Irm Hermann was one of the centerpieces of the Fassbinder Cinematic Universe. She died in Berlin at the age of 77 from an unspecified illness. With her fake dry airs of Margaret Thatcher, the actress may not have had the immediate attire of other muses of the Bavarian filmmaker, such as Hanna Schygulla (Hollywood glamor but frozen in German) or Margit Carstensen (serious of tragedian neurotic). But it had its place in the rascal petty bourgeois department, perfect in the systematic critical enterprise of the FRG by RWF. As early as 1966, Fassbinder had diverted her from a career as a secretary at the Munich auto club to convince her to act as an actor in his radical theater troupe, Anti-Theater. She will appear in 18 of her films and TV series, with the essence of playing roles of “born victims” : “She finds her identity or her pleasure only in suffering, in being oppressed”, said Fassbinder of her.

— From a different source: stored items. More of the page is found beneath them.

Theorem theorem3p19 (G : linear_group) (Sigma Gamma Theta : finType) :
  (forall S1 S2 : srt Sigma Gamma G, add_free S1 -> add_free S2 ->
     (exists S : srt Sigma Gamma G, add_free S /\
        forall w, semantics S w <-> (semantics S1 w \/ semantics S2 w)) /\
     (exists S : srt Sigma Gamma G, add_free S /\
        forall w, semantics S w <-> (semantics S1 w /\ semantics S2 w))) /\
  (forall (S1 : srt Sigma Gamma G) (S2 : srt Gamma Theta G),
     add_free S1 -> add_free S2 ->
     exists S : srt Sigma Theta G, add_free S /\
        forall w, semantics S w <-> compose (semantics S1) (semantics S2) w).
Proof.
split; last exact: add_free_srt_compose.
by move=> S1 S2 A1 A2; split; [exact: add_free_srt_union | exact: add_free_srt_inter].
Qed.
(* Given
   the product form and constraints (i)-(iv), the explicit extension
       tau^t_{s'a'soa} = delta^t_{a|o} p(o|s) p(s|s',a') tau^{t-1}_{s'a'}
   satisfies (VI^m): summing out a uses sum_a delta = 1, summing out (s',a')
   uses (iv) and the definition of nu, and the posterior equation is the
   defining identity of p(s|s',a',o).

   For the linear relaxation, (VI) forces tau^t_{soa} to be a mixture of the
   posteriors p(.|s',a',o).  We take one component with two states, a single
   uninformative observation and uniform transitions, so that every posterior
   is uniform, and a fractional solution whose action at time 2 copies the
   hidden state: it is feasible for the relaxation but not uniform in s. *)

Section ProductForm.
Variables (R : realFieldType) (P : pomdp R) (T : nat).
Implicit Types (tso : soaT P) (tsas : sasT P) (dl : polT P).

Definition product_form tso tsas dl : Prop :=
  forall t, (1 <= t <= T)%N -> forall s o a,
    tso t s o a = dl t o a * p_obs s o * nu tsas t s.

(* In Q, constraint (ii) identifies the normalizing sum in (v) with nu. *)
Lemma inQ_product_form tso tsas dl :
  inQ T tso tsas dl -> product_form tso tsas dl.
Proof.
move=> [HQ Hv] t t_in s o a.
have [_ [_ [_ [_ [nu_eq _]]]]] := HQ t t_in.
by rewrite -nu_eq; apply: Hv.
Qed.

Lemma mccormick_binary (x y d : R) :
  d = 0 \/ d = 1 -> 0 <= x -> x <= y -> x <= d -> y + d - 1 <= x -> x = d * y.
Proof. by case=> -> *; rewrite ?mul0r ?mul1r; lra. Qed.

Lemma inQd_product_form tso tsas dl :
  inQd T tso tsas dl -> product_form tso tsas dl.
Proof.
move=> [HQ [binary mccormick]] t t_in s o a.
have [tso_ge0 _] := HQ t t_in.
have [le_py [le_d ge_sum]] := mccormick t t_in s o a.
by rewrite -mulrA; apply: mccormick_binary (binary t t_in o a) (tso_ge0 s o a) _ _ _.
Qed.

End ProductForm.

Section Posterior.
Variables (R : realFieldType) (P : pomdp R).

(* p(s|s',a',o) times its normalizer is the joint weight p(o|s) p(s|s',a');
   this also holds when the normalizer vanishes, since then so does every
   (nonnegative) summand. *)
Lemma p_post_normalizer (s' : St P) (a' : Ac P) (o : Ob P) (s : St P) :
  p_post s' a' o s * \sum_(sb : St P) p_obs sb o * p_tr s' a' sb =
  p_obs s o * p_tr s' a' s.
Proof.
set Z := \sum_(sb : St P) _.
have weight_ge0 sb : 0 <= p_obs sb o * p_tr s' a' sb.
  by rewrite mulr_ge0 ?p_obs_ge0 ?p_tr_ge0.
have [Z0 | Zn0] := eqVneq Z 0.
  by rewrite Z0 mulr0 (psumr_eq0P (fun i _ => weight_ge0 i) Z0).
by rewrite /p_post -/Z mulfVK.
Qed.

Lemma nu_inflow (tsas : sasT P) (t : nat) (s : St P) : (1 < t)%N ->
  nu tsas t s = \sum_(s'' : St P) \sum_(a'' : Ac P) tsas t.-1 s'' a'' s.
Proof. by move=> t_gt1; rewrite /nu gtn_eqF. Qed.

End Posterior.

Section Extension.
Variables (R : realFieldType) (P : pomdp R) (T : nat).
Variables (tso : soaT P) (tsas : sasT P) (dl : polT P).
Hypothesis (HQ : Q_common T tso tsas dl) (Hform : product_form T tso tsas dl).

Definition vi_extension : viT P := fun t s' a' s o a =>
  dl t o a * p_obs s o * p_tr s' a' s * \sum_(sb : St P) tsas t.-1 s' a' sb.

Lemma vi_window t : (2 <= t <= T)%N -> (1 <= t <= T)%N /\ (1 <= t.-1 <= T)%N.
Proof. by move=> /andP[]; lia. Qed.

Lemma vi_extension_ge0 t s' a' s o a :
  (2 <= t <= T)%N -> 0 <= vi_extension t s' a' s o a.
Proof.
move=> /vi_window[t_in tm_in].
have [_ [_ [dl_ge0 _]]] := HQ t_in.
have [_ [tsas_ge0 _]] := HQ tm_in.
by rewrite !mulr_ge0 ?p_obs_ge0 ?p_tr_ge0 ?sumr_ge0.
Qed.

Lemma vi_extension_marginal t s o a : (2 <= t <= T)%N ->
  \sum_(s' : St P) \sum_(a' : Ac P) vi_extension t s' a' s o a = tso t s o a.
Proof.
move=> /[dup] /vi_window[t_in tm_in] /andP[t_gt1 _].
have [_ [_ [_ [_ [_ [_ transition]]]]]] := HQ tm_in.
rewrite Hform // nu_inflow // !mulr_sumr.
apply: eq_bigr => s' _; rewrite mulr_sumr; apply: eq_bigr => a' _.
by rewrite transition /vi_extension -!mulrA.
Qed.

(* Summing out the action uses that delta^t_{.|o} is a distribution. *)
Lemma vi_extension_action_sum t s' a' s o : (2 <= t <= T)%N ->
  \sum_(a : Ac P) vi_extension t s' a' s o a =
  p_obs s o * p_tr s' a' s * \sum_(sb : St P) tsas t.-1 s' a' sb.
Proof.
move=> /vi_window[t_in _].
have [_ [_ [_ [dl_sum _]]]] := HQ t_in.
rewrite /vi_extension; under eq_bigr => a _ do rewrite -!mulrA.
by rewrite -mulr_suml dl_sum mul1r !mulrA.
Qed.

The most beautiful revenge
Maso certainly, on screen and in life (we no longer count the anecdotes on “RWF” pushing her to the limit as a girlfriend-roommate-confidant-interpreter), but enough to feed unforgettable, painful moments, like her household tears during some ultimate baked scene in the Four Seasons Merchant (1972) or her role as mutiny maid, enamored of her boss, in the Bitter Tears of Petra von Kant (1972). Why so much love-hate? Although he said he never saw the resemblance, Hermann still had a family resemblance to the distant mother of the filmmaker (small eyes, small pinched but predatory mouth). A way to punish her and proclaim her love. The most beautiful revenge of that which RWF said that “When she was doing something right, you had to make an effort to notice it” was in fact playing continuously elsewhere, beyond the reach of the ogre, in the cinema (notably for Werner Herzog in Woyzeck (1979) or German chainsaw massacre (1990) by Christoph Schlingensief), on television and on stage (Hamlet) until the end of his life.